Q. So you are not supposed to leave it to the ordinary stevedore?- A. No, not to the ordinary stevedore, my lord.

Q. But to a stevedore who has had special instruction in regard to loading mechanical transport?-A. Yes, my lord; and also you would have to take into consideration the fact that they had never handled any of these cases at Vancouver.

Q. That is what I have in mind. I do not suppose they knew anything about them. (No response).

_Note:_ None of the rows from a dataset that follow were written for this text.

(* Let $(\Sigma,\mathsf{ar})$ be an at most countable binding signature with associated $F,F_\alpha$, $a^{(n)}$, final $F_\alpha$-coalgebra $T_\alpha$, and maps $[-]_\alpha=g:\lim_n UF^n1\to\lim_n UF_\alpha^n1$ and $\iota_\alpha:UT_\alpha\to\lim_n UF_\alpha^n1$ as below. Identify $\lim_n UF^n1$ with $T_\Sigma^\infty$ via $t\mapsto(t^n)_n$. Then the set $(T_\Sigma^\infty)_{\mathrm{ffv}}$ of infinitary raw terms with finitely many free variables, together with the inclusion into $T_\Sigma^\infty$ and the map $(T_\Sigma^\infty)_{\mathrm{ffv}}\to UT_\alpha$ sending $t$ to the unique element of $T_\alpha$ whose projection to $F_\alpha^n1$ is $a^{(n)}(t^n)$ for all $n$, is a pullback in $\mathsf{Set}$ of $g$ and $\iota_\alpha$.
   Context: Nominal sets over a countably infinite set $\mathcal V$ of names (sets with an action of the finite permutations of $\mathcal V$ in which every element has a finite support; $\mathsf{Nom}$ with equivariant maps; $U:\mathsf{Nom}\to\mathsf{Set}$ forgetful). $[\mathcal V]X$ is the name-abstraction of $X$ with elements $\langle x\rangle u$. Binding signature: set $\Sigma$ of symbols, each with arity a finite list $(n_1,\dots,n_k)$. $F_\alpha X=\mathcal V+\coprod_{\mathsf{op}}\prod_i[\mathcal V]^{n_i}X$, $FX=\mathcal V+\coprod_{\mathsf{op}}\prod_i(\mathcal V^{n_i}\times X)$, $q_X:FX\to F_\alpha X$ identity on $\mathcal V$ and $(x^1,\dots,x^n,u)\mapsto\langle x^1\rangle\cdots\langle x^n\rangle u$ on factors. Terminal chains $F^{n+1}1\to F^n1$ given by $F^n(!)$, likewise for $F_\alpha$; $a^{(0)}=\mathrm{id}_1$, $a^{(n+1)}=q_{F_\alpha^n1}\circ F(a^{(n)})$. $g:\lim UF^n1\to\lim UF_\alpha^n1$ is induced by the $a^{(n)}$, and $\iota_\alpha$ by the canonical cone from the final coalgebra $T_\alpha$ (which is the $\mathsf{Nom}$-limit, i.e. finitely supported compatible tuples, of the terminal chain). Raw infinitary terms $T_\Sigma^\infty$: possibly infinite trees built from variables $x\in\mathcal V$ and nodes $\mathsf{op}(\langle\overline{x_1}\rangle t_1,\dots,\langle\overline{x_k}\rangle t_k)$ with $\overline{x_i}$ a list of $n_i$ names; truncation $t^0=*$, $x^{n+1}=x$, $\mathsf{op}(\langle\overline{x_i}\rangle t_i)^{n+1}=\mathsf{op}(\langle\overline{x_i}\rangle t_i^n)$, so that $t^n$ is an element of $F^n1$ (with $1=\{*\}$). Free variables of finite terms as usual ($\mathsf{op}$ binds $\overline{x_i}$ in $t_i$), and $\mathsf{fv}(t)=\bigcup_n\mathsf{fv}(t^n)$; $(T_\Sigma^\infty)_{\mathrm{ffv}}=\{t:\mathsf{fv}(t)\text{ finite}\}$. *)

From Stdlib Require Import List Arith PeanoNat.
Import ListNotations.

Definition is_pullback {P A B C : Type}
  (p1 : P -> A) (p2 : P -> B) (f : A -> C) (g : B -> C) : Prop :=
  (forall x, f (p1 x) = g (p2 x)) /\
  (forall a b, f a = g b -> exists! x, p1 x = a /\ p2 x = b).

Definition V := nat.

(* V^k, a tuple of k names, first component = outermost binder *)
Fixpoint vecN (k : nat) : Type :=
  match k with 0 => unit | S k => (V * vecN k)%type end.

Fixpoint vmap (f : V -> V) (k : nat) : vecN k -> vecN k :=
  match k with
  | 0 => fun v => v
  | S k => fun v => (f (fst v), vmap f k (snd v))
  end.

Fixpoint vIn (k : nat) : vecN k -> V -> Prop :=
  match k with
  | 0 => fun _ _ => False
  | S k => fun v x => fst v = x \/ vIn k (snd v) x
  end.

Definition swap (a b c : V) : V :=
  if Nat.eqb c a then b else if Nat.eqb c b then a else c.

Record fperm := {
  pf : V -> V;
  pg : V -> V;
  pfg : forall x, pf (pg x) = x;
  pgf : forall x, pg (pf x) = x;
  pfin : exists L : list V, forall a, ~ In a L -> pf a = a }.

Section Signature.
Variable Sig : Type.
Variable ar : Sig -> list nat.

(* prod_i (V^{n_i} x X) for the arity list l *)
Inductive Args (X : Type) : list nat -> Type :=
| ANil : Args X nil
| ACons : forall (k : nat) (l : list nat), vecN k -> X -> Args X l -> Args X (k :: l).
Arguments ANil {X}.
Arguments ACons {X} k l _ _ _.

Fixpoint Args_map {X Y : Type} (fv : V -> V) (f : X -> Y) (l : list nat)
  (a : Args X l) : Args Y l :=
  match a in Args _ l return Args Y l with
  | ANil => ANil
  | ACons k l v x r => ACons k l (vmap fv k v) (f x) (Args_map fv f l r)
  end.

Definition FF (X : Type) : Type := (V + {op : Sig & Args X (ar op)})%type.

(* F acting on a map f (with names renamed by fv; fv = id gives F f) *)
Definition FF_map {X Y : Type} (fv : V -> V) (f : X -> Y) (t : FF X) : FF Y :=
  match t with
  | inl x => inl (fv x)
  | inr (existT _ op a) => inr (existT _ op (Args_map fv f (ar op) a))
  end.

Fixpoint Fn (n : nat) : Type :=
  match n with 0 => unit | S n => FF (Fn n) end.

Fixpoint bang (n : nat) : Fn (S n) -> Fn n :=
  match n return Fn (S n) -> Fn n with
  | 0 => fun _ => tt
  | S n => FF_map (fun x => x) (bang n)
  end.

(* permutation action on F^n 1 (renaming of all names, bound or free) *)
Fixpoint actF (n : nat) (p : V -> V) : Fn n -> Fn n :=
  match n return Fn n -> Fn n with
  | 0 => fun t => t
  | S n => FF_map p (actF n p)
  end.

(* Equality in [V]^k (X/R), where X carries the action act and R is the
   equality of the quotient:  <a>u = <b>v  iff  for all but finitely many c,
   (a c).u = (b c).v . *)
Fixpoint abs_rel {X : Type} (R : X -> X -> Prop) (act : (V -> V) -> X -> X)
  (k : nat) : vecN k -> X -> vecN k -> X -> Prop :=
  match k return vecN k -> X -> vecN k -> X -> Prop with
  | 0 => fun _ u _ v => R u v
  | S k => fun xs u ys v =>
      exists L : list V, forall c, ~ In c L ->
        abs_rel R act k (vmap (swap (fst xs) c) k (snd xs)) (act (swap (fst xs) c) u)
                        (vmap (swap (fst ys) c) k (snd ys)) (act (swap (fst ys) c) v)
  end.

Q. In the light of what you have just said what is your opinion as a practical matter of the feasibility of getting these universal carriers into No. 1 hold?-A. I can answer that in two ways. In peace time if I was trying to get business away from another steamship company I would put some special man on and try to handle it in the most careful manner possible, and have the same thing done at the other end; but I think much the same procedure would have to be taken in war time, and perhaps a chance taken on doing the best you could to prevent jamming. Q. Where does that leave us as to whether or not, in your view, if those six universal carriers had arrived at Vancouver the stevedores at Vancouver, being who they were, would have caused those six universal carriers to find their way into No. 1 hold?-A. I can only answer that under the circumstances I would have taken a chance on it.

Q. But I gather from what you say that there would have been a very considerable risk of jamming?-A. Yes.

Q. Both at Vancouver and at Hong Kong?-A. Particularly at the destination, my lord.

Q. But you yourself in war time would take the chance, if you had not the proper instruments? That is to say, you had no special man at Vancouver? A. No.

Q. And there would be no special man at Hong Kong, as far as we know?-A. Quite so, my lord.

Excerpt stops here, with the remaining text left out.